LATIMER Hinks Solicitors is warning employers to review their holiday pay structures following a significant ruling by the European Court of Justice (ECJ).

The ruling, which has made the calculation of holiday pay increasingly difficult, means that employers will now have to factor performance-related commission into any calculation of holiday pay where the payment is permanent enough to be regarded as a normal part of a salary. Someone earning £100,000 made up of 60% commission and 40% basic salary, for example, should receive average commission of £1,154 for each week of holiday.

However, it also allows employees to make a claim in respect of the immediately preceding six years. So, using the above example, the value of the claim could be very substantial.

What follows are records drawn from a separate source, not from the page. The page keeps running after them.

(* If $\Phi=(\varphi_n)_{n\in\mathbb{N}}$ is a depth-bounded fuzzy bisimulation between fuzzy automata $\mathcal{A}$ and $\mathcal{A}'$, then for every $n\in\mathbb{N}$ and every $\alpha\in\mathcal{F}^n_{\leftrightarrow}$: $\varphi_n^{-1}\circ\alpha^{\mathcal{A}}\le\alpha^{\mathcal{A}'}$ and $\varphi_n\circ\alpha^{\mathcal{A}'}\le\alpha^{\mathcal{A}}$. Consequently $\varphi_n(x,x')\le\bigwedge_{\alpha\in\mathcal{F}^n_{\leftrightarrow}}(\alpha^{\mathcal{A}}(x)\Leftrightarrow\alpha^{\mathcal{A}'}(x'))$ for all $(x,x')\in A\times A'$.
   Context: $\mathcal{L}=\langle L,\le,\otimes,\Rightarrow,0,1\rangle$ is a complete residuated lattice: $\langle L,\le,0,1\rangle$ is a complete lattice with least element $0$ and greatest element $1$, $\langle L,\otimes,1\rangle$ is a commutative monoid, and $x\otimes y\le z$ iff $x\le (y\Rightarrow z)$; $x\Leftrightarrow y=(x\Rightarrow y)\wedge(y\Rightarrow x)$. Fuzzy relations are maps into $L$ ordered pointwise; $\varphi^{-1}(b,a)=\varphi(a,b)$; $(\varphi\circ\psi)(a,c)=\bigvee_b\varphi(a,b)\otimes\psi(b,c)$, $(\varphi\circ g)(a)=\bigvee_b\varphi(a,b)\otimes g(b)$. A fuzzy automaton over $\Sigma$ is $\mathcal{A}=\langle A,\delta^{\mathcal{A}},\sigma^{\mathcal{A}},\tau^{\mathcal{A}}\rangle$ with $A$ nonempty, $\delta^{\mathcal{A}}:A\times\Sigma\times A\to L$, $\sigma^{\mathcal{A}},\tau^{\mathcal{A}}:A\to L$; $\delta^{\mathcal{A}}_s(x,y)=\delta^{\mathcal{A}}(x,s,y)$; similarly $\mathcal{A}'$ with states $A'$. The sets $\mathcal{F}^n_{\leftrightarrow}$ are the smallest sets of formulas with: $\tau\in\mathcal{F}^n_{\leftrightarrow}$; $s\in\Sigma,\alpha\in\mathcal{F}^n_{\leftrightarrow}\Rightarrow(s\circ\alpha)\in\mathcal{F}^{n+1}_{\leftrightarrow}$; $a\in L,\alpha\in\mathcal{F}^n_{\leftrightarrow}\Rightarrow(a\leftrightarrow\alpha)\in\mathcal{F}^n_{\leftrightarrow}$; $\alpha,\beta\in\mathcal{F}^n_{\leftrightarrow}\Rightarrow(\alpha\wedge\beta)\in\mathcal{F}^n_{\leftrightarrow}$. Semantics: $\tau^{\mathcal{A}}$ is the terminal fuzzy set; $(s\circ\alpha)^{\mathcal{A}}=\delta^{\mathcal{A}}_s\circ\alpha^{\mathcal{A}}$; $(a\leftrightarrow\alpha)^{\mathcal{A}}(x)=a\Leftrightarrow\alpha^{\mathcal{A}}(x)$; $(\alpha\wedge\beta)^{\mathcal{A}}(x)=\alpha^{\mathcal{A}}(x)\wedge\beta^{\mathcal{A}}(x)$. A depth-bounded fuzzy bisimulation between $\mathcal{A}$ and $\mathcal{A}'$ is a sequence $(\varphi_n)_{n\in\mathbb{N}}$ of fuzzy relations $A\times A'\to L$ with $\varphi_n\le\varphi_{n-1}$ ($n\ge1$), $\varphi_0^{-1}\circ\tau^{\mathcal{A}}\le\tau^{\mathcal{A}'}$, $\varphi_0\circ\tau^{\mathcal{A}'}\le\tau^{\mathcal{A}}$, and for all $s\in\Sigma,n\ge1$: $\varphi_n^{-1}\circ\delta^{\mathcal{A}}_s\le\delta^{\mathcal{A}'}_s\circ\varphi_{n-1}^{-1}$ and $\varphi_n\circ\delta^{\mathcal{A}'}_s\le\delta^{\mathcal{A}}_s\circ\varphi_{n-1}$. *)

Set Implicit Arguments.
Unset Strict Implicit.

(** Complete residuated lattice  <L, <=, (x), =>, 0, 1>.
    Completeness: every subset S (a predicate) has a supremum [sup S];
    infima are derived.  1 is both the top element and the monoid unit. *)
Record CRL := {
  car :> Type;
  le : car -> car -> Prop;
  le_refl : forall x, le x x;
  le_antisym : forall x y, le x y -> le y x -> x = y;
  le_trans : forall x y z, le x y -> le y z -> le x z;
  sup : (car -> Prop) -> car;
  sup_ub : forall (S : car -> Prop) x, S x -> le x (sup S);
  sup_least : forall (S : car -> Prop) y, (forall x, S x -> le x y) -> le (sup S) y;
  one : car;
  one_top : forall x, le x one;
  mul : car -> car -> car;
  mulA : forall x y z, mul x (mul y z) = mul (mul x y) z;
  mulC : forall x y, mul x y = mul y x;
  mul1x : forall x, mul one x = x;
  res : car -> car -> car;
  adjunction : forall x y z, le (mul x y) z <-> le x (res y z)
}.

Definition inf {L : CRL} (S : L -> Prop) : L := @sup L (fun y => forall x, S x -> @le L y x).
Definition zero (L : CRL) : L := @sup L (fun _ => False).
Definition meet {L : CRL} (x y : L) : L := inf (fun z => z = x \/ z = y).
Definition biimp {L : CRL} (x y : L) : L := meet (@res L x y) (@res L y x).

Definition rel_comp {L : CRL} {X Y Z : Type} (phi : X -> Y -> L) (psi : Y -> Z -> L) : X -> Z -> L :=
  fun x z => @sup L (fun v => exists y, v = @mul L (phi x y) (psi y z)).
Definition set_comp {L : CRL} {X Y : Type} (phi : X -> Y -> L) (g : Y -> L) : X -> L :=
  fun x => @sup L (fun v => exists y, v = @mul L (phi x y) (g y)).
Definition rel_inv {L : CRL} {X Y : Type} (phi : X -> Y -> L) : Y -> X -> L := fun y x => phi x y.
Definition rel_le {L : CRL} {X Y : Type} (phi psi : X -> Y -> L) : Prop :=
  forall x y, @le L (phi x y) (psi x y).
Definition set_le {L : CRL} {X : Type} (f g : X -> L) : Prop := forall x, @le L (f x) (g x).

Record fuzzy_automaton (L : CRL) (Sigma : Type) := {
  st :> Type;
  st_nonempty : inhabited st;
  delta : st -> Sigma -> st -> L;
  sigma_in : st -> L;
  tau_out : st -> L
}.

Definition delta_s (L : CRL) (Sigma : Type) (A : fuzzy_automaton L Sigma) (s : Sigma)
  : A -> A -> L := fun x y => @delta L Sigma A x s y.

(** The formula sets F^n_<->, as an inductive family indexed by the depth n *)
Inductive formula (L : CRL) (Sigma : Type) : nat -> Type :=
| Ftau : forall n, formula L Sigma n
| Fdia : forall n, Sigma -> formula L Sigma n -> formula L Sigma (S n)
| Fbiimp : forall n, car L -> formula L Sigma n -> formula L Sigma n
| Fand : forall n, formula L Sigma n -> formula L Sigma n -> formula L Sigma n.

Fixpoint eval (L : CRL) (Sigma : Type) (A : fuzzy_automaton L Sigma) (n : nat)
  (f : formula L Sigma n) : A -> L :=
  match f with
  | @Ftau _ _ _ => @tau_out L Sigma A
  | @Fdia _ _ _ s g => set_comp (@delta_s L Sigma A s) (@eval L Sigma A _ g)
  | @Fbiimp _ _ _ a g => fun x => biimp a (@eval L Sigma A _ g x)
  | @Fand _ _ _ g h => fun x => meet (@eval L Sigma A _ g x) (@eval L Sigma A _ h x)
  end.

Definition depth_bounded_bisim (L : CRL) (Sigma : Type)
  (A A' : fuzzy_automaton L Sigma) (phi : nat -> A -> A' -> L) : Prop :=
  (forall n, rel_le (phi (S n)) (phi n)) /\
  set_le (set_comp (rel_inv (phi 0)) (@tau_out L Sigma A)) (@tau_out L Sigma A') /\
  set_le (set_comp (phi 0) (@tau_out L Sigma A')) (@tau_out L Sigma A) /\
  (forall (s : Sigma) (n : nat),
     rel_le (rel_comp (rel_inv (phi (S n))) (@delta_s L Sigma A s))
            (rel_comp (@delta_s L Sigma A' s) (rel_inv (phi n))) /\
     rel_le (rel_comp (phi (S n)) (@delta_s L Sigma A' s))
            (rel_comp (@delta_s L Sigma A s) (phi n))).


(** Say that a degree r "transfers" a to b when [r (x) a <= b] and
    [r (x) b <= a]; by residuation this says exactly [r <= (a <=> b)]
    (lemma [le_biimp]).  The heart of the proof is the invariant

        phi_n(x,x') <= alpha^A(x) <=> alpha^A'(x')     for alpha in F^n,

    proved by induction on the formula alpha:
    - [tau]: phi_n <= phi_0 and the two terminal conditions on phi_0;
    - [s o alpha]: the forth/back transition conditions on phi_(n+1),
      combined with the induction hypothesis for phi_n (lemma [diamond_forth]);
    - [a <-> alpha] and [alpha /\ beta]: transfer is stable under these
      connectives in any complete residuated lattice. *)

Section ResiduatedLattice.
Context {L : CRL}.

Lemma mul_mono_l (x y z : L) : le x y -> le (mul x z) (mul y z).
Proof.
  intro Hxy. apply adjunction. eapply le_trans; [exact Hxy |].
  apply adjunction. apply le_refl.
Qed.

Lemma mul_mono_r (x y z : L) : le x y -> le (mul z x) (mul z y).
Proof. intro Hxy. rewrite (mulC z x), (mulC z y). now apply mul_mono_l. Qed.

Lemma mul_sup_le (a b : L) (S : L -> Prop) :
  (forall s, S s -> le (mul a s) b) -> le (mul a (sup S)) b.
Proof.
  intro HS. rewrite mulC. apply adjunction. apply sup_least.
  intros s Hs. apply adjunction. rewrite mulC. auto.
Qed.

Lemma inf_lb (S : L -> Prop) (x : L) : S x -> le (inf S) x.
Proof. intro Hx. apply sup_least. auto. Qed.

Lemma inf_glb (S : L -> Prop) (y : L) : (forall x, S x -> le y x) -> le y (inf S).
Proof. intro Hy. exact (@sup_ub L (fun z : L => forall x, S x -> le z x) y Hy). Qed.

Lemma meet_lb1 (x y : L) : le (meet x y) x.
Proof. apply inf_lb. auto. Qed.

Lemma meet_lb2 (x y : L) : le (meet x y) y.
Proof. apply inf_lb. auto. Qed.

Lemma meet_glb (x y z : L) : le z x -> le z y -> le z (meet x y).
Proof. intros Hx Hy. apply inf_glb. intros w [-> | ->]; assumption. Qed.

Lemma le_biimp (r a b : L) :
  le r (biimp a b) <-> le (mul r a) b /\ le (mul r b) a.
Proof.
  unfold biimp. split.
  - intro Hr. split; apply adjunction; eapply le_trans; try exact Hr.
    + apply meet_lb1.
    + apply meet_lb2.
  - intros [Hab Hba]. apply meet_glb; apply adjunction; assumption.
Qed.

Lemma biimp_mp (a b : L) : le (mul (biimp a b) a) b /\ le (mul (biimp a b) b) a.
Proof. apply le_biimp. apply le_refl. Qed.

Lemma biimp_transfer (r a b c : L) :
  le (mul r a) b -> le (mul r b) a -> le (mul r (biimp c a)) (biimp c b).
Proof.
  intros Hab Hba. destruct (biimp_mp c a) as [Hca Hac].
  apply le_biimp. split.
  - rewrite <- mulA. eapply le_trans; [| exact Hab]. now apply mul_mono_r.
  - rewrite (mulC r), <- mulA.
    eapply le_trans; [| exact Hac]. now apply mul_mono_r.
Qed.

Lemma meet_transfer (r a b a' b' : L) :
  le (mul r a) b -> le (mul r a') b' -> le (mul r (meet a a')) (meet b b').
Proof.
  intros Hab Hab'. apply meet_glb.
  - eapply le_trans; [| exact Hab]. apply mul_mono_r, meet_lb1.
  - eapply le_trans; [| exact Hab']. apply mul_mono_r, meet_lb2.
Qed.

Lemma le_biimp_biimp (r a b c : L) :
  le r (biimp a b) -> le r (biimp (biimp c a) (biimp c b)).
Proof.
  intro Hr. apply le_biimp in Hr as [Hab Hba].
  apply le_biimp. split; now apply biimp_transfer.
Qed.

Lemma le_biimp_meet (r a b a' b' : L) :
  le r (biimp a b) -> le r (biimp a' b') -> le r (biimp (meet a a') (meet b b')).
Proof.
  intros Hr Hr'. apply le_biimp in Hr as [Hab Hba]. apply le_biimp in Hr' as [Hab' Hba'].
  apply le_biimp. split; now apply meet_transfer.
Qed.

End ResiduatedLattice.

Section FuzzyRelations.
Context {L : CRL} {X X' : Type}.

Lemma set_comp_inv_le (R : X -> X' -> L) (f : X -> L) (g : X' -> L) :
  set_le (set_comp (rel_inv R) f) g <-> forall x x', le (mul (R x x') (f x)) (g x').
Proof.
  split.
  - intros Hle x x'. eapply le_trans; [| apply (Hle x')].
    apply (@sup_ub L (fun v => exists y, v = mul (R y x') (f y))). now exists x.
  - intros Hpt x'. apply sup_least. intros v [x ->]. apply Hpt.
Qed.

Lemma diamond_forth (psi chi : X -> X' -> L) (d : X -> X -> L) (d' : X' -> X' -> L)
    (f : X -> L) (g : X' -> L) :
  rel_le (rel_comp (rel_inv psi) d) (rel_comp d' (rel_inv chi)) ->
  (forall y y', le (mul (chi y y') (f y)) (g y')) ->
  forall x x', le (mul (psi x x') (set_comp d f x)) (set_comp d' g x').
Proof.
  intros Hstep Hfg x x'. apply mul_sup_le. intros v [y ->].
  rewrite mulA. eapply le_trans.
  { apply mul_mono_l. eapply le_trans; [| apply (Hstep x' y)].
    apply (@sup_ub L (fun v => exists z, v = mul (psi z x') (d z y))). now exists x. }
  rewrite mulC. apply mul_sup_le. intros w [y' ->].
  rewrite (mulC (d' x' y')), mulA, (mulC (f y)).
  eapply le_trans; [apply mul_mono_l, (Hfg y y') |].
  rewrite mulC. apply (@sup_ub L (fun v => exists z, v = mul (d' x' z) (g z))). now exists y'.
Qed.

End FuzzyRelations.

Section Bisimulation.
Context {L : CRL} {Sigma : Type} {A A' : fuzzy_automaton L Sigma}.
Context {phi : nat -> A -> A' -> L}.
Hypothesis Hbisim : depth_bounded_bisim phi.

Lemma bisim_le_phi0 (n : nat) (x : A) (x' : A') : le (phi n x x') (phi 0 x x').
Proof.
  destruct Hbisim as [Hdecr _]. induction n as [| n IH].
  - apply le_refl.
  - eapply le_trans; [apply Hdecr | exact IH].
Qed.

Lemma bisim_le_biimp (n : nat) (alpha : formula L Sigma n) (x : A) (x' : A') :
  le (phi n x x') (biimp (@eval L Sigma A n alpha x) (@eval L Sigma A' n alpha x')).
Proof.
  destruct Hbisim as [_ [Htau1 [Htau2 Hdelta]]].
  revert x x'. induction alpha as [n | n s alpha IH | n a alpha IH | n alpha IHa beta IHb];
    intros x x'; simpl.
  - apply le_biimp. split.
    + eapply le_trans; [apply mul_mono_l, bisim_le_phi0 |].
      exact (proj1 (set_comp_inv_le (phi 0) _ _) Htau1 x x').
    + eapply le_trans; [apply mul_mono_l, bisim_le_phi0 |].
      exact (proj1 (set_comp_inv_le (rel_inv (phi 0)) _ _) Htau2 x' x).
  - destruct (Hdelta s n) as [Hforth Hback].
    assert (Htr : forall y y', le (mul (phi n y y') (@eval L Sigma A n alpha y)) (@eval L Sigma A' n alpha y')
                            /\ le (mul (phi n y y') (@eval L Sigma A' n alpha y')) (@eval L Sigma A n alpha y)).
    { intros y y'. apply le_biimp, IH. }
    apply le_biimp. split.
    + apply (diamond_forth (phi (S n)) (phi n)); [exact Hforth |].
      intros y y'. apply Htr.
    + apply (diamond_forth (rel_inv (phi (S n))) (rel_inv (phi n)) _ _ _ _ Hback).
      intros y' y. apply Htr.
  - apply le_biimp_biimp, IH.
  - apply le_biimp_meet; [apply IHa | apply IHb].
Qed.

End Bisimulation.

Theorem mainTheorem16 (L : CRL) (Sigma : Type) (A A' : fuzzy_automaton L Sigma)
  (phi : nat -> A -> A' -> L) :
  @depth_bounded_bisim L Sigma A A' phi ->
  forall n : nat,
    (forall alpha : formula L Sigma n,
       set_le (set_comp (rel_inv (phi n)) (@eval L Sigma A n alpha)) (@eval L Sigma A' n alpha) /\
       set_le (set_comp (phi n) (@eval L Sigma A' n alpha)) (@eval L Sigma A n alpha)) /\
    (forall (x : A) (x' : A'),
       @le L (phi n x x')
         (inf (fun v => exists alpha : formula L Sigma n,
                 v = biimp (@eval L Sigma A n alpha x) (@eval L Sigma A' n alpha x')))).
Proof.
  intros Hbisim n. split.
  - intro alpha.
    assert (Htr : forall x x', le (mul (phi n x x') (@eval L Sigma A n alpha x)) (@eval L Sigma A' n alpha x')
                            /\ le (mul (phi n x x') (@eval L Sigma A' n alpha x')) (@eval L Sigma A n alpha x)).
    { intros x x'. apply le_biimp, (bisim_le_biimp Hbisim). }
    split.
    + apply set_comp_inv_le. intros x x'. apply Htr.
    + apply (set_comp_inv_le (rel_inv (phi n))). intros x' x. apply Htr.
  - intros x x'. apply inf_glb. intros v [alpha ->]. apply (bisim_le_biimp Hbisim).
Qed.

Under the EU Working Time Directive, which is implemented in the UK through the Working Time Regulations 1998, workers have the right to 5.6 weeks of paid annual leave at the statutory rate of a week’s pay for each week of leave and, if that varies, it is calculated by working out the average over the previous 12 weeks.

In the case of Lock v British Gas Trading Ltd, which was referred to the ECJ following an employment tribunal claim, it was ruled that a sales consultant at British Gas, whose salary was largely based on successful sales, would suffer a financial disadvantage in the form of less remuneration after a holiday.

Nick Poole, Partner in the Commercial Department at Darlington-based Latimer Hinks, said: “The calculation of holiday pay has become a minefield and it just got even tougher. A way of averaging commission over a previous period could be used, but it’s not just about how much should be paid during a holiday, it’s also about making sure that employees are not financially worse off in the period following."

The ruling applies to the statutory minimum of 5.6 weeks’ annual leave to which all employees are entitled under the Working Time Regulations.

Mr Poole added: "Employers may want to think about reviewing their employment documents as regards what commission will be allowed in any calculation of holiday pay. Now is the right time to get this structure updated and to be clear about how it has been affected by the ruling. There’s been talk of employees taking ‘strategic’ holidays, after a particularly lucrative period for example, and it all needs taking into account.”

Within the next few months, the Employment Appeal Tribunal in the UK is expected to rule on three cases revolving around whether employers should include regular, but non-contractual, overtime in holiday pay calculations.